▶ [Task to carry out]
Among the entries below, how many lines include the word "subrr"? Reply with only the number.

▶ [Entries taken from a collection]
___
(* Let $f\colon\mathbb{R}^n\to\mathbb{R}$ be $f(x)=x^\top Ax+b^\top x+c$ with $A\in\mathbb{R}^{n\times n}$ symmetric, $b\in\mathbb{R}^n$, $c\in\mathbb{R}$. Let $C\colon[0,\infty)\to\mathbb{R}^{n\times n}$ solve $\dot C(t)=-2C(t)AC(t)$, with $C(0)$ invertible, and let $m(0)\in\mathbb{R}^n$. Then $m\colon[0,\infty)\to\mathbb{R}^n$ given by $$m(t)=C(t)\big(C(0)^{-1}m(0)-tb\big)$$ has initial value $m(0)$ and solves $\dot m(t)=-2C(t)Am(t)-C(t)b$.
   Context: The equations $\dot m=-2CAm-Cb$, $\dot C=-2CAC$ are the approximately Gaussian replicator flow (AGRF) equations for this quadratic $f$, i.e., the ODEs $\dot m_i=m_i\mathbb{E}[f(x)]-\mathbb{E}[x_if(x)]$, $\dot C_{ij}=(C_{ij}-m_im_j)\mathbb{E}[f(x)]-\mathbb{E}[x_ix_jf(x)]+m_i\mathbb{E}[x_jf(x)]+m_j\mathbb{E}[x_if(x)]$ with $x\sim\mathcal{N}(m(t),C(t))$, specialized to quadratic $f$. *)

From HB Require Import structures.
From mathcomp Require Import all_boot all_order all_algebra.
From mathcomp Require Import all_classical all_reals all_analysis.
Set Implicit Arguments. Unset Strict Implicit. Unset Printing Implicit Defensive.
Import Order.TTheory GRing.Theory Num.Theory.
Import numFieldNormedType.Exports.
Local Open Scope classical_set_scope.
Local Open Scope ring_scope.

(* [g' t] is the derivative of [g] at [t], for every t in [0, oo),
   the derivative being taken within the domain [0, oo)
   (so at t = 0 it is the one-sided right derivative). *)
Definition deriv_on_nonneg (R : realType) (g g' : R -> R) : Prop :=
  forall t : R, 0 <= t ->
    (fun s => (g s - g t) / (s - t)) @ within [set s | 0 <= s /\ s != t] (nbhs t)
      --> g' t.

Definition mderiv_on_nonneg (R : realType) (p q : nat)
    (F F' : R -> 'M[R]_(p, q)) : Prop :=
  forall (i : 'I_p) (j : 'I_q),
    deriv_on_nonneg (fun s => F s i j) (fun s => F' s i j).

Definition quad_f (R : realType) (n : nat) (A : 'M[R]_n) (b : 'cV[R]_n) (c : R)
    (x : 'cV[R]_n) : R :=
  ((x^T *m A *m x) 0 0) + ((b^T *m x) 0 0) + c.

(* m t = C t *m v t with v t = C 0^-1 m0 - t b affine, so by the product rule
   m' = C' v + C v' = -2 C A C v - C b = -2 C A m - C b; at t = 0 the factor
   C 0 cancels C 0^-1. *)
From HB Require Import structures.
From mathcomp Require Import all_boot all_order all_algebra.
From mathcomp Require Import all_classical all_reals all_analysis.
From mathcomp Require Import ring.
Import Order.TTheory GRing.Theory Num.Theory.
Import numFieldNormedType.Exports.
Local Open Scope classical_set_scope.
Local Open Scope ring_scope.

Section DerivOnNonneg.
Context {R : realType}.
Local Notation at_nonneg t := (within [set s : R | 0 <= s /\ s != t] (nbhs t)).

Lemma at_nonneg_neq (t : R) : \forall s \near at_nonneg t, s != t.
Proof. by apply: filterS (near_withinT _ _) => s []. Qed.

Lemma deriv_on_nonneg_cvg {h h' : R -> R} {t : R} :
  deriv_on_nonneg h h' -> 0 <= t -> h s @[s --> at_nonneg t] --> h t.
Proof.
move=> dh t_ge0.
have incr_cvg0 : (fun s => s - t) @ at_nonneg t --> (0 : R).
  by rewrite -(subrr t); apply: cvgB; [exact: cvg_within | exact: cvg_cst].
have : h t + (h s - h t) / (s - t) * (s - t) @[s --> at_nonneg t]
         --> h t + h' t * 0.
  by apply: cvgD; [exact: cvg_cst | exact: cvgM (dh t t_ge0) incr_cvg0].
rewrite mulr0 addr0 => lim; apply: cvg_trans _ lim.
apply: near_eq_cvg; near=> s => /=.
have st : s - t != 0 by rewrite subr_eq0; near: s; exact: at_nonneg_neq.
by rewrite mulfVK // addrC subrK.
Unshelve. all: by end_near.
Qed.

Lemma deriv_on_nonneg_affine (a b : R) :
  deriv_on_nonneg (fun s => a + s * b) (fun=> b).
Proof.
move=> t _; apply: cvg_trans _ (cvg_cst (F := at_nonneg t) b).
apply: near_eq_cvg; near=> s => /=.
have st : s - t != 0 by rewrite subr_eq0; near: s; exact: at_nonneg_neq.
by rewrite opprD addrACA subrr add0r -mulrBl mulrAC divff // mul1r.
Unshelve. all: by end_near.
Qed.

Lemma deriv_on_nonnegM {g h g' h' : R -> R} :
  deriv_on_nonneg g g' -> deriv_on_nonneg h h' ->
  deriv_on_nonneg (fun s => g s * h s) (fun s => g' s * h s + g s * h' s).
Proof.
move=> dg dh t t_ge0.
have : (g s - g t) / (s - t) * h s + g t * ((h s - h t) / (s - t))
         @[s --> at_nonneg t] --> g' t * h t + g t * h' t.
  apply: cvgD; first exact: cvgM (dg t t_ge0) (deriv_on_nonneg_cvg dh t_ge0).
  exact: cvgM (cvg_cst _) (dh t t_ge0).
move=> lim; apply: cvg_trans _ lim; apply: near_eq_cvg; near=> s => /=.
by rewrite mulrAC mulrA -mulrDl; congr (_ / _); ring.
Unshelve. all: by end_near.
Qed.

Lemma deriv_on_nonneg_sum {I : Type} (r : seq I) {F F' : I -> R -> R} :
  (forall k, deriv_on_nonneg (F k) (F' k)) ->
  deriv_on_nonneg (fun s => \sum_(k <- r) F k s)
                  (fun s => \sum_(k <- r) F' k s).
Proof.
move=> dF t t_ge0.
have : \sum_(k <- r) (F k s - F k t) / (s - t) @[s --> at_nonneg t]
         --> \sum_(k <- r) F' k t.
  by apply: cvg_big => //; [exact: add_continuous | move=> k _; exact: dF].
move=> lim; apply: cvg_trans _ lim; apply: near_eq_cvg; near=> s => /=.
by rewrite -sumrB mulr_suml.
Unshelve. all: by end_near.
Qed.

End DerivOnNonneg.

Section MatrixDerivOnNonneg.
Context {R : realType}.

Lemma mderiv_on_nonneg_mul {p q r : nat} {F F' : R -> 'M[R]_(p, q)}
    {G G' : R -> 'M[R]_(q, r)} :
  mderiv_on_nonneg F F' -> mderiv_on_nonneg G G' ->
  mderiv_on_nonneg (fun s => F s *m G s) (fun s => F' s *m G s + F s *m G' s).
Proof.
move=> dF dG i j.
have -> : (fun s => (F s *m G s) i j) = (fun s => \sum_k F s i k * G s k j).
  by apply: funext => s; rewrite mxE.
have -> : (fun s => (F' s *m G s + F s *m G' s) i j)
    = (fun s => \sum_k (F' s i k * G s k j + F s i k * G' s k j)).
  by apply: funext => s; rewrite !mxE big_split.
by apply: deriv_on_nonneg_sum => k; exact: deriv_on_nonnegM.
Qed.

Lemma mderiv_on_nonneg_affine {p q : nat} (V B : 'M[R]_(p, q)) :
  mderiv_on_nonneg (fun s => V - s *: B) (fun=> - B).
Proof.
move=> i j.
have -> : (fun s => (V - s *: B) i j) = (fun s => V i j + s * - B i j).
  by apply: funext => s; rewrite !mxE mulrN.
have -> : (fun=> (- B) i j) = (fun=> - B i j) :> (R -> R) by rewrite mxE.
exact: deriv_on_nonneg_affine.
Qed.

End MatrixDerivOnNonneg.

Theorem proposition4 (R : realType) (n : nat) (A : 'M[R]_n) (b : 'cV[R]_n)
    (c : R) (C : R -> 'M[R]_n) (m0 : 'cV[R]_n) :
  A^T = A ->
  C 0 \in unitmx ->
  mderiv_on_nonneg C (fun t => - 2 *: (C t *m A *m C t)) ->
  let m := fun t : R => C t *m (invmx (C 0) *m m0 - t *: b) in
  m 0 = m0 /\
  mderiv_on_nonneg m (fun t => - 2 *: (C t *m A *m m t) - C t *m b).
Proof.
move=> _ C0_unit dC m; split.
  by rewrite /m scale0r subr0 mulmxA mulmxV // mul1mx.
have -> : (fun t => - 2 *: (C t *m A *m m t) - C t *m b) =
    (fun t => - 2 *: (C t *m A *m C t) *m (invmx (C 0) *m m0 - t *: b)
              + C t *m - b).
  by apply: funext => t; rewrite /m -scalemxAl !mulmxA mulmxN.
exact: mderiv_on_nonneg_mul dC
         (mderiv_on_nonneg_affine (invmx (C 0) *m m0) b).
Qed.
___
▶ [Solution]
2